ToMPC: Task-oriented Model Predictive Control via ADMM for Safe Robotic Manipulation

TL;DR

This paper introduces ToMPC, a task-oriented model predictive control framework that uses ADMM to enable safe, efficient, and real-time robotic manipulation with obstacle avoidance and constraint adherence.

Contribution

It presents a novel unified optimization framework combining collision avoidance and task-specific control using ADMM, DDP, and QP for robotic manipulation.

Findings

Real-time motion and force trajectory planning demonstrated in simulation and hardware.

Enhanced manipulation range with obstacle avoidance.

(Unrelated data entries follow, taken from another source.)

Lemma card_le_cover3 (T : finType) (P A B C : pred T) :
  (forall t, P t -> [|| A t, B t | C t]) -> (#|P| <= #|A| + #|B| + #|C|)%N.
Proof.
move=> cover; apply: leq_trans (_ : #|[predU A & B]| + #|C| <= _)%N.
  by apply: card_le_cover2 => t /cover; rewrite !inE orbA.
by rewrite leq_add2r -cardUI leq_addr.
Qed.

Lemma card_pred_fst (T U : finType) (A : pred T) :
  #|[pred q : T * U | A q.1]| = (#|A| * #|U|)%N.
Proof. by rewrite -cardX; apply: eq_card => -[t u]; rewrite !inE andbT. Qed.

Section Rook.
Variable k : nat.
Implicit Types (u v : Vk k) (a : 'I_k).

Lemma card_row a : #|[pred l : Vk k | l.1 == a]| = k.
Proof. by rewrite (card_pred_fst _ (pred1 a)) card1 card_ord mul1n. Qed.

Lemma card_col a : #|[pred l : Vk k | l.2 == a]| = k.
Proof.
transitivity #|[predX 'I_k & pred1 a]|; first by apply: eq_card => -[t s]; rewrite !inE.
by rewrite cardX card1 card_ord muln1.
Qed.

Lemma GammaE_neq u v : GammaE u v -> u != v.
Proof. by apply: contraTneq => ->; rewrite /GammaE !eqxx. Qed.

Lemma GammaE_deg v : (#|[pred u | GammaE u v]| <= 2 * k)%N.
Proof.
apply: leq_trans (@card_le_cover2 _ _ [pred l | l.1 == v.1] [pred l | l.2 == v.2] _) _.
  by move=> u /orP[/andP[eq1 _] | /andP[_ eq2]] /=; rewrite ?eq1 ?eq2 ?orbT.
by rewrite card_row card_col addnn mul2n.
Qed.

Lemma GammaE_edge_nbhd u v : GammaE v u ->
  (#|[pred l | GammaE l u || GammaE l v]| <= 3 * k)%N.
Proof.
have -> : (3 * k = k + k + k)%N by rewrite !mulSn mul0n addn0 addnA.
case/orP => [/andP[/eqP same _] | /andP[_ /eqP same]].
- apply: leq_trans (@card_le_cover3 _ _ [pred l | l.1 == u.1]
      [pred l | l.2 == u.2] [pred l | l.2 == v.2] _) _; last by rewrite card_row !card_col.
  move=> l; rewrite /GammaE /= same.
  by case: (l.1 == u.1); case: (l.2 == u.2); case: (l.2 == v.2).
- apply: leq_trans (@card_le_cover3 _ _ [pred l | l.2 == u.2]
      [pred l | l.1 == u.1] [pred l | l.1 == v.1] _) _; last by rewrite card_col !card_row.
  move=> l; rewrite /GammaE /= same.
  by case: (l.2 == u.2); case: (l.1 == u.1); case: (l.1 == v.1).
Qed.

Lemma Gamma2E_deg (p : Vk k * bool) : (#|[pred q | Gamma2E q p]| <= 4 * k)%N.
Proof.
rewrite (card_pred_fst _ [pred u | GammaE u p.1]) card_bool.
by rewrite mulnC -(mulnA 2 2 k) leq_mul2l GammaE_deg.
Qed.

Lemma Gamma2E_edge_nbhd (p q : Vk k * bool) : Gamma2E q p ->
  (#|[pred l | Gamma2E l p || Gamma2E l q]| <= 6 * k)%N.
Proof.
move=> epq; rewrite (card_pred_fst _ [pred u | GammaE u p.1 || GammaE u q.1]).
by rewrite card_bool mulnC -(mulnA 2 3 k) leq_mul2l GammaE_edge_nbhd.
Qed.

End Rook.

Lemma card_preim1_le (T U : finType) (phi : T -> U) (x : U) :
  injective phi -> (#|[pred t | x == phi t]| <= 1)%N.
Proof. by move=> phi_inj; apply/card_le1_eqP => t1 t2; rewrite !inE => /eqP-> /eqP/phi_inj. Qed.

Lemma card_preim2_le (T U : finType) (phi psi : T -> U) (x : U) :
  injective phi -> injective psi -> (#|[pred t | (x == phi t) || (x == psi t)]| <= 2)%N.
Proof.
move=> phi_inj psi_inj.
apply: leq_trans (@card_le_cover2 _ _ [pred t | x == phi t] [pred t | x == psi t] _) _ => //.
exact: leq_add (card_preim1_le x phi_inj) (card_preim1_le x psi_inj).
Qed.

Section IndicatorBounds.
Variables (R : realType) (gT : finGroupType) (k : nat).
Implicit Types (x : gT) (u v : Vk k) (w : Omega gT k).

Definition shift_b (j : 'I_k) (g : gT) w : Omega gT k :=
  (w.1, [ffun t => if t == j then (w.2 t * g)%g else w.2 t]).

Lemma shift_b_inj j g : injective (shift_b j g).
Proof.
move=> [a1 b1] [a2 b2] [-> /ffunP b12]; congr pair; apply/ffunP => t.
by move: (b12 t); rewrite !ffunE; case: (t == j) => //; apply: mulIg.
Qed.

Lemma shift_bC j j' g h w : j != j' ->
  shift_b j g (shift_b j' h w) = shift_b j' h (shift_b j g w).
Proof.
move=> jj'; congr pair; apply/ffunP => t; rewrite !ffunE.
by have [->|] := eqVneq t j; rewrite ?(negbTE jj').
Qed.

Lemma Ind_shift_b_other x v j g w : j != v.2 -> Ind x v (shift_b j g w) = Ind x v w.
Proof. by move=> jv; rewrite /Ind /= ffunE [v.2 == j]eq_sym (negbTE jv). Qed.

Lemma card_Ind_shift_b x v w : (#|[pred g | Ind x v (shift_b v.2 g w)]| <= 2)%N.
Proof.
rewrite (eq_card (B := [pred g | (x == w.1 v.1 * (w.2 v.2 * g)) ||
                                 (x == w.2 v.2 * g * w.1 v.1)]%g)); last first.
  by move=> g; rewrite !inE /Ind ffunE eqxx.
by apply: card_preim2_le => g1 g2 /=; [move/mulgI/mulgI | move/mulIg/mulgI].
Qed.

Lemma Ind_swap x v w : Ind x (v.2, v.1) (w.2, w.1) = Ind x v w.
Proof. by rewrite /Ind orbC. Qed.

Lemma Ex_Ind_le x v : Ex R (Ind x v) <= 2 / #|gT|%:R.
Proof.
apply: (@Ex_le_shift R _ _ (shift_b v.2)); last exact: card_Ind_shift_b.
  by apply/card_gt0P; exists 1%g.
exact: shift_b_inj.
Qed.

Lemma Ex_Ind_pair_le x1 x2 u v : u != v ->
  Ex R (fun w => Ind x1 v w && Ind x2 u w) <= (2 / #|gT|%:R) ^+ 2.
Proof.
wlog b_ne : x1 x2 u v / u.2 != v.2 => [reduce uv | _].
  have [b_eq|b_ne] := eqVneq u.2 v.2; last by apply: reduce.
  have a_ne : u.1 != v.1.
    apply: contraNneq uv => a_eq; apply/eqP.
    by rewrite [u]surjective_pairing a_eq b_eq -surjective_pairing.
  have swap_inj : injective (fun w : Omega gT k => (w.2, w.1)) by move=> [? ?] [? ?] [-> ->].
  rewrite (@eq_Ex _ _ _ (fun w => Ind x1 (v.2, v.1) (w.2, w.1) && Ind x2 (u.2, u.1) (w.2, w.1))).
    rewrite (Ex_comp_inj _ (fun w => Ind x1 (v.2, v.1) w && Ind x2 (u.2, u.1) w)) //.
    by apply: reduce => //; apply: contra a_ne => /eqP[_ ->].
  by move=> w; rewrite !Ind_swap.
have n_gt0 : (0 < #|gT|)%N by apply/card_gt0P; exists 1%g.
apply: le_trans (@Ex_le_shift R _ (gT * gT)%type
  (fun t w => shift_b v.2 t.1 (shift_b u.2 t.2 w)) 4 _ _ _ _) _.
- by rewrite card_prod muln_gt0 n_gt0.
- by move=> t w1 w2 /shift_b_inj/shift_b_inj.
- move=> w; rewrite (eq_card (B := [predX [pred g | Ind x1 v (shift_b v.2 g w)]
                                     & [pred h | Ind x2 u (shift_b u.2 h w)]])).
    by rewrite cardX (leq_mul (card_Ind_shift_b _ _ _) (card_Ind_shift_b _ _ _)).
  move=> [g h]; rewrite !inE /= [in Ind x1 v _]shift_bC 1?eq_sym //.
  by rewrite [Ind x2 u _]Ind_shift_b_other 1?eq_sym // Ind_shift_b_other.
by rewrite card_prod natrM expr_div_n -natrX expr2.
Qed.

End IndicatorBounds.

Lemma inv_1B_le_expR (R : realType) (n E : R) : 2 < n -> E <= 2 / n ->
  (1 - E)^-1 <= expR (2 / (n - 2)).
Proof.
move=> n_gt2 E_le; have n_gt0 : 0 < n by apply: lt_trans n_gt2.
have n2_gt0 : 0 < n - 2 by rewrite subr_gt0.
have q_gt0 : 0 < 1 - 2 / n by rewrite subr_gt0 ltr_pdivrMr // mul1r.
apply: le_trans (_ : (1 - 2 / n)^-1 <= _).
  have E_lt : 1 - 2 / n <= 1 - E by rewrite lerB.
  by rewrite lef_pV2 ?posrE // (lt_le_trans q_gt0).
have -> : (1 - 2 / n)^-1 = 1 + 2 / (n - 2).
  by field; rewrite (gt_eqF n_gt0) (gt_eqF n2_gt0).
exact: expR_ge1Dx.
Qed.

Theorem lemma4p8 (R : realType) (gT : finGroupType) (k : nat) (x y : gT) :
  (2 < #|gT|)%N -> (0 < k)%N -> x != y ->
  let n : R := #|gT|%:R in
  let kk : R := k%:R in
  (Delta R (@GammaE k) (@Ind gT k x) <= 4 * (kk ^+ 3 / n ^+ 2) * expR (6 * kk / (n - 2))
   /\ DeltaStar R (@GammaE k) (@Ind gT k x) <= 4 * (kk ^+ 3 / n ^+ 2) * expR (6 * kk / (n - 2)))
  /\
  (Delta R (@Gamma2E k) (@J gT k x y) <= 16 * (kk ^+ 3 / n ^+ 2) * expR (12 * kk / (n - 2))
   /\ DeltaStar R (@Gamma2E k) (@J gT k x y) <= 16 * (kk ^+ 3 / n ^+ 2) * expR (12 * kk / (n - 2))).
Proof.
move=> n_gt2 _ _ n kk; have n_gt2R : 2 < n by rewrite ltr_nat.
set c := expR (2 / (n - 2)).
have c_ge1 : 1 <= c by apply: le_trans (expR_ge1Dx _); rewrite lerDl divr_ge0 ?subr_ge0 ?ltW.
have inv_le z v : (1 - Ex R (@Ind gT k z v))^-1 <= c.
  exact/inv_1B_le_expR/Ex_Ind_le.
have p_ge0 : 0 <= (2 / n) ^+ 2 by rewrite exprn_ge0 ?divr_ge0 ?ler0n.
have prod_le z1 z2 u v : Ex R (@Ind gT k z1 v) * Ex R (@Ind gT k z2 u) <= (2 / n) ^+ 2.
  by rewrite expr2 ler_pM ?Ex_ge0 ?Ex_Ind_le.
have n_neq0 : n != 0 by rewrite gt_eqF // (lt_trans _ n_gt2R).
have n2_neq0 : n - 2 != 0 by rewrite subr_eq0 gt_eqF.
have bound1 : 2^-1 * #|Vk k|%:R * (2 * k)%:R * (2 / n) ^+ 2 * c ^+ (3 * k)
    = 4 * (kk ^+ 3 / n ^+ 2) * expR (6 * kk / (n - 2)).
  rewrite -expRM_natl card_prod card_ord !natrM; congr (_ * expR _); field => //.
have bound2 : 2^-1 * #|{: Vk k * bool}|%:R * (4 * k)%:R * (2 / n) ^+ 2 * c ^+ (6 * k)
    = 16 * (kk ^+ 3 / n ^+ 2) * expR (12 * kk / (n - 2)).
  rewrite -expRM_natl !card_prod card_ord card_bool !natrM; congr (_ * expR _); field => //.
split; split.
- rewrite -bound1; apply: (Delta_le (@GammaE_deg k) (@GammaE_edge_nbhd k)) => // i j /GammaE_neq.
  exact: Ex_Ind_pair_le.
- by rewrite -bound1; apply: (DeltaStar_le (@GammaE_deg k) (@GammaE_edge_nbhd k)).
- rewrite -bound2; apply: (Delta_le (@Gamma2E_deg k) (@Gamma2E_edge_nbhd k)) => //.
    by move=> l; apply: inv_le.
  by move=> i j /GammaE_neq; apply: Ex_Ind_pair_le.
- rewrite -bound2; apply: (DeltaStar_le (@Gamma2E_deg k) (@Gamma2E_edge_nbhd k)) => //.
    by move=> l; apply: inv_le.
  by move=> i j _; apply: prod_le.
Qed.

Strict adherence to safety constraints in complex scenarios.

Abstract

This paper proposes a task-oriented model predictive control (ToMPC) framework for safe and efficient robotic manipulation in open workspaces. The framework unifies collision-free motion and robot-environment interaction to address diverse scenarios. Additionally, it introduces task-oriented obstacle avoidance that leverages kinematic redundancy to enhance manipulation efficiency in obstructed environments. This complex optimization problem is solved by the alternating direction method of multipliers (ADMM), which decomposes the problem into two subproblems tackled by differential dynamic programming (DDP) and quadratic programming (QP), respectively. The effectiveness of this approach is validated in simulation and hardware experiments on a Franka Panda robotic manipulator. Results demonstrate that the framework can plan motion and/or force trajectories in real time, maximize the manipulation range while avoiding obstacles, and strictly adhere to safety-related hard constraints.